3.09.2005

I want to move on to the events of ROTF as soon as possible, but still I'm stuck on that quote from Macbeth. Epigraphs are totally key to this book --all but 1 of the 26 chapters begin with one, with half coming from Shakespeare (and half of these from Macbeth). Not surprisingly, they give us Shakespeare at his most Gothed-out, which is to say his most existential. Or at least what I call existential, where it's all about risky undertakings weighed against heaven's displeasure and the nearness of death and bats. And then there's this ode by Thomas Warton that Radcliffe quotes from, called "The Suicide"? I'm going to have to give it to you entire, because the epigraphs are just sick.

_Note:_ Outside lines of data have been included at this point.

Record Monad (Xi : Type) := mkMonad {
  Mo : Obj Xi -> Obj Xi;
  Mm : forall {A B : Obj Xi}, Hom A B -> Hom (Mo A) (Mo B);
  Mm_id : forall A x (s : car (Mo A) x), fn (Mm (idH A)) s = s;
  Mm_comp : forall (A B C : Obj Xi) (g : Hom B C) (f : Hom A B) x (s : car (Mo A) x),
      fn (Mm (compH g f)) s = fn (Mm g) (fn (Mm f) s);
  flat : forall A, Hom (Mo (Mo A)) (Mo A);
  sing : forall A, Hom A (Mo A);
  flat_nat : forall A B (f : Hom A B) x (s : car (Mo (Mo A)) x),
      fn (Mm f) (fn (flat A) s) = fn (flat B) (fn (Mm (Mm f)) s);
  sing_nat : forall A B (f : Hom A B) x (a : car A x),
      fn (Mm f) (fn (sing A) a) = fn (sing B) (fn f a);
  flat_sing : forall A x (s : car (Mo A) x), fn (flat A) (fn (sing (Mo A)) s) = s;
  flat_Msing : forall A x (s : car (Mo A) x), fn (flat A) (fn (Mm (sing A)) s) = s;
  flat_flat : forall A x (s : car (Mo (Mo (Mo A))) x),
      fn (flat A) (fn (flat (Mo A)) s) = fn (flat A) (fn (Mm (flat A)) s);
  M_inj : forall A B (f : Hom A B), injectiveH f -> injectiveH (Mm f);
  M_surj : forall A B (f : Hom A B), surjectiveH f -> surjectiveH (Mm f);
  M_bij : forall A B (f : Hom A B), bijectiveH f -> bijectiveH (Mm f);
  (* M(f^{-1}[P]) = (Mf)^{-1}[MP], subsets MQ of MA being identified with the
     image of M(incl) *)
  M_preim : forall A B (f : Hom A B) (P : forall x, car B x -> Prop) x (s : car (Mo A) x),
      (exists u : car (Mo (SubO A (preim f P))) x, fn (Mm (incl A (preim f P))) u = s) <->
      (exists v : car (Mo (SubO B P)) x, fn (Mm (incl B P)) v = fn (Mm f) s);
  M_std : forall A x (s t : car (Mo A) x),
      ole (Mo A) s t <->
      exists u : car (Mo (SubO (ProdO A A) (OrdRel A))) x,
        fn (Mm (proj0 A A)) (fn (Mm (incl _ (OrdRel A))) u) = s /\
        fn (Mm (proj1H A A)) (fn (Mm (incl _ (OrdRel A))) u) = t }.
Arguments Mo {Xi} _ _.
Arguments Mm {Xi} _ {A B} _.
Arguments flat {Xi} _ _.
Arguments sing {Xi} _ _.

Record IsAlg {Xi} (M : Monad Xi) (A : Obj Xi) (pi : Hom (Mo M A) A) : Prop := {
  alg_assoc : forall x (s : car (Mo M (Mo M A)) x),
      fn pi (fn (Mm M pi) s) = fn pi (fn (flat M A) s);
  alg_unit : forall x (a : car A x), fn pi (fn (sing M A) a) = a }.

Definition IsAlgMorph {Xi} (M : Monad Xi) {A B : Obj Xi}
  (piA : Hom (Mo M A) A) (piB : Hom (Mo M B) B) (phi : Hom A B) : Prop :=
  forall x (s : car (Mo M A) x), fn phi (fn piA s) = fn piB (fn (Mm M phi) s).

Definition prod_pi {Xi} (M : Monad Xi) {A : Obj Xi} (pi : Hom (Mo M A) A)
  : Hom (Mo M (ProdO A A)) (ProdO A A) :=
  pairH (compH pi (Mm M (proj0 A A))) (compH pi (Mm M (proj1H A A))).

Definition kerH {Xi} {A B : Obj Xi} (f : Hom A B) : forall x, car A x -> car A x -> Prop :=
  fun x a a' => ole B (fn f a) (fn f a').

Record IsPreorderExt {Xi} (A : Obj Xi) (sq : forall x, car A x -> car A x -> Prop) : Prop := {
  sq_refl : forall x a, sq x a a;
  sq_trans : forall x a b c, sq x a b -> sq x b c -> sq x a c;
  sq_ext : forall x a b, ole A a b -> sq x a b }.

Section Quot.
Context {Xi : Type} (A : Obj Xi) (sq : forall x, car A x -> car A x -> Prop)
        (H : IsPreorderExt A sq).

Definition cls x (a : car A x) : car A x -> Prop := fun b => sq x a b /\ sq x b a.

Definition qcar x := {P : car A x -> Prop | exists a, P = cls x a}.

Definition q_le x (P Q : qcar x) : Prop :=
  exists a b, proj1_sig P = cls x a /\ proj1_sig Q = cls x b /\ sq x a b.

Lemma cls_eq_sq x a b : cls x a = cls x b -> sq x a b /\ sq x b a.
Proof.
  intro e. assert (h : cls x b b) by (split; apply (sq_refl _ _ H)).
  rewrite <- e in h. exact h.
Qed.

Lemma q_refl x P : q_le x P P.
Proof.
  destruct P as [P [a ha]]. exists a, a. simpl. repeat split; auto. apply (sq_refl _ _ H).
Qed.

Lemma q_trans x P Q R : q_le x P Q -> q_le x Q R -> q_le x P R.
Proof.
  intros [a [b [e1 [e2 h1]]]] [b' [c [e3 [e4 h2]]]].
  exists a, c. repeat split; auto.
  rewrite e2 in e3. destruct (cls_eq_sq _ _ _ e3) as [hb _].
  eapply (sq_trans _ _ H); [exact h1|]. eapply (sq_trans _ _ H); eauto.
Qed.

Lemma q_antisym x P Q : q_le x P Q -> q_le x Q P -> P = Q.
Proof.
  intros [a [b [e1 [e2 h1]]]] [b' [a' [e3 [e4 h2]]]].
  destruct P as [P pP], Q as [Q pQ]; simpl in *.
  assert (P = Q).
  { subst P Q. destruct (cls_eq_sq _ _ _ e3) as [hb1 hb2].
    destruct (cls_eq_sq _ _ _ e4) as [ha1 ha2].
    assert (hba : sq x b a).
    { eapply (sq_trans _ _ H); [exact hb1|]. eapply (sq_trans _ _ H); [exact h2| exact ha2]. }
    apply functional_extensionality; intro c; apply propositional_extensionality.
    unfold cls; split; intros [h3 h4]; split.
    - exact (sq_trans _ _ H _ _ _ _ hba h3).
    - exact (sq_trans _ _ H _ _ _ _ h4 h1).
    - exact (sq_trans _ _ H _ _ _ _ h1 h3).
    - exact (sq_trans _ _ H _ _ _ _ h4 hba). }
  revert pP pQ. rewrite H0. intros pP pQ. rewrite (proof_irrelevance _ pP pQ). reflexivity.
Qed.
Lemma green_mul_mono u : (forall l, 0 <= u l) ->
  (forall q, (q <= N)%N -> u q = u (N - q)%N) ->
  (forall i j, (0 < i)%N -> (i <= j <= m)%N -> u i <= u j) ->
  forall i j, (i <= j <= m)%N -> green_mul u i <= green_mul u j.
Proof.
move=> u_ge0 u_rev u_mono; set w := green_mul u.
have m_gt0 : (0 < m)%N by lia.
have w_rev : w m.+1 = w m.-1.
  by rewrite /w green_mul_rev //; [congr (green_mul u _) | ]; lia.
have w_incr : forall q, (q < m)%N -> 0 <= w q.+1 - w q.
  apply: (@discrete_min_principle _ c (fun q => w q.+1 - w q) m c_gt2).
  - by rewrite /w green_mul_l0 subr0 green_mul_ge0.
  - move=> q /andP[q_gt0 lt_qm]; rewrite prednK //.
    have := @green_mul_laplacian u q ltac:(lia).
    have := @green_mul_laplacian u q.+1 ltac:(lia).
    have := u_mono q q.+1 q_gt0 ltac:(lia).
    rewrite /w /=; lra.
  - by rewrite prednK // w_rev; lra.
move=> i j /andP[]; elim: j => [|j IHj]; first by rewrite leqn0 => /eqP->.
rewrite leq_eqVlt => /orP[/eqP-> // | le_ij lt_jm].
by have := IHj le_ij (ltnW lt_jm); have := w_incr j lt_jm; lra.
Qed.

Lemma green_mid l : (0 < l < N)%N -> green l m = a (minn l (N - l)) * a m / a N.
Proof.
move=> l_range; have [le_lm | lt_ml] := leqP l m.
  by rewrite green_le // (_ : N - m = m)%N ?(minn_idPl _) //; lia.
rewrite green_ge; last exact: ltnW.
by rewrite [a m * _]mulrC (_ : minn l (N - l) = N - l)%N //; lia.
Qed.

Variable X : 'M[R]_N.-1.
Hypothesis XE : forall i j : 'I_N.-1, X i j = green i.+1 j.+1.

Fact mid_lt : (m.-1 < N.-1)%N. Proof. lia. Qed.

(* Row [N/2] of [X ^+ k] with 1-based column index; the zero padding at [q = 0]
   and [q >= N] matches the boundary values of [green]. *)
Definition midrow k q := if (0 < q)%N then ent 0 (X ^+ k) m q else 0.

Lemma midrowE k (j : 'I_N.-1) : midrow k j.+1 = (X ^+ k) (Ordinal mid_lt) j.
Proof. by rewrite /midrow /= -(entE 0) /= prednK //; lia. Qed.

Lemma midrow_out k q : (N <= q)%N -> midrow k q = 0.
Proof. by move=> le_Nq; rewrite /midrow ent_out; [case: ifP | lia]. Qed.

Lemma midrow0 q : midrow 0 q = (q == m)%:R.
Proof.
case: q => [|q]; first by rewrite /midrow /=; case: eqP => //; lia.
have [le_Nq | lt_qN] := leqP N q.+1.
  by rewrite midrow_out //; case: eqP => //; lia.
have lt_q : (q < N.-1)%N by lia.
rewrite (midrowE 0 (Ordinal lt_q)) expr0 mxE -val_eqE /=.
by case: eqP => [<-|]; case: eqP => //; lia.
Qed.

Lemma midrowS k q : midrow k.+1 q = green_mul (midrow k) q.
Proof.
case: q => [|q]; first by rewrite green_mul_l0.
have [le_Nq | lt_qN] := leqP N q.+1; first by rewrite midrow_out ?green_mul_out.
have lt_q : (q < N.-1)%N by lia.
rewrite (midrowE k.+1 (Ordinal lt_q)) exprSr -mulmxE mxE green_mul_ord.
by apply: eq_bigr => l _; rewrite midrowE XE.
Qed.

Lemma midrow_invariants k :
  [/\ forall q, 0 <= midrow k q,
      forall q, (q <= N)%N -> midrow k q = midrow k (N - q)
    & forall i j, (0 < i)%N -> (i <= j <= m)%N -> midrow k i <= midrow k j].
Proof.
elim: k => [|k [ge0 rev mono]].
  split=> [q | q le_qN | i j i_gt0 ij_range]; rewrite !midrow0 ?ler0n //.
    by case: eqP => e1; case: eqP => e2 //; lia.
  have [i_eq | _] := eqVneq i m; last exact: ler0n.
  by rewrite (_ : j = m) ?eqxx //; lia.
split=> [q | q le_qN | i j i_gt0 ij_range]; rewrite !midrowS.
- exact: green_mul_ge0.
- exact: green_mul_rev.
- exact: green_mul_mono.
Qed.

Lemma midrow_ratio k i j : (0 < k)%N -> (i <= j <= N)%N ->
  a i * midrow k j <= midrow k i * a j.
Proof.
case: k => // k _ ij_range; rewrite !midrowS; apply: green_mul_ratio => //.
by have [] := midrow_invariants k.
Qed.

Lemma midrow_mid_ratio {k l} : (0 < k)%N -> (0 < l < N)%N ->
  a (minn l (N - l)) * midrow k m <= midrow k l * a m.
Proof.
move=> k_gt0 l_range; have [le_lm | lt_ml] := leqP l m.
  by rewrite (minn_idPl _) ?midrow_ratio //; lia.
have [_ rev _] := midrow_invariants k.
by rewrite (minn_idPr _) ?(rev l) ?midrow_ratio //; lia.
Qed.

Lemma midrowS_mid_ge k : (0 < k)%N ->
  midrow k m * ((\sum_(1 <= l < N) a (minn l (N - l)) ^+ 2) / a N)
    <= midrow k.+1 m.
Proof.
move=> k_gt0; rewrite midrowS mulr_suml mulr_sumr; apply: ler_sum_nat => l l_range.
rewrite green_mid //.
have bN_ge0 : 0 <= a (minn l (N - l)) / a N by rewrite divr_ge0 ?a_ge0.
by move: (midrow_mid_ratio k_gt0 l_range) => /(ler_wpM2r bN_ge0); lra.
Qed.

Lemma midrow_mid_ge k : (0 < k)%N ->
  a m ^+ 2 * (\sum_(1 <= l < N) a (minn l (N - l)) ^+ 2) ^+ k.-1 / a N ^+ k
    <= midrow k m.
Proof.
elim: k => // -[_ _ | k IHk _].
  have -> : midrow 1 m = green m m.
    rewrite midrowS -(@big_nat_delta _ (green ^~ m) 1 N m); last by lia.
    by apply: eq_bigr => l _; rewrite midrow0 mulrC.
  rewrite green_le // (_ : N - m = m)%N; last by lia.
  by rewrite /= expr0 mulr1 expr1 expr2.
set S := \sum_(1 <= l < N) _.
have aN_neq0 : a N != 0 by rewrite gt_eqF ?aN_gt0.
have -> : a m ^+ 2 * S ^+ k.+1 / a N ^+ k.+2
          = a m ^+ 2 * S ^+ k.+1.-1 / a N ^+ k.+1 * (S / a N).
  by rewrite /= !exprS; field; rewrite aN_neq0 expf_neq0.
apply: le_trans (@midrowS_mid_ge k.+1 isT); apply: ler_wpM2r (IHk isT).
by rewrite divr_ge0 ?a_ge0 ?sumr_ge0 // => l _; rewrite sqr_ge0.
Qed.

Lemma midrow_bounds k : (0 < k)%N ->
  a m ^+ 2 * (\sum_(1 <= l < N) a (minn l (N - l)) ^+ 2) ^+ k.-1 / a N ^+ k
    <= midrow k m
  /\ forall i j, (0 < i)%N -> (i <= j <= m)%N ->
    [/\ midrow k i = midrow k (N - i), midrow k i <= midrow k j
      & a i / a m * midrow k m <= midrow k i].
Proof.
move=> k_gt0; split=> [|i j i_gt0 ij_range]; first exact: midrow_mid_ge.
have [_ rev mono] := midrow_invariants k.
have am_gt0 : 0 < a m by apply: a_gt0; lia.
split; [apply: rev; lia | exact: mono |].
by rewrite mulrAC ler_pdivrMr // midrow_ratio //; lia.
Qed.

End Middle.

End Green.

But the Macbeth quote --I love it because it seems to prefigure these lines from Edgar Allan Poe's "Tamerlane" (1827):

"Despair, the fabled vampire-bat
Hath long upon my bosom sat,
And I would rave, but that he flings
A calm from his unearthly wings."

I know you feel that --and you know Poe was feeling Mrs. Radcliffe. Who do you think alerted him to the atmospheric possiblities of a Continental setting? Stephen King, Dostoyevsky, Victor Hugo, Melville --all the greats feel Ann Radcliffe. Be reminded of how the whole riddle of homosexuality in Billy Budd is made to turn on a Radcliffe reference, and I will get back to you with more on ROTF as soon as I can.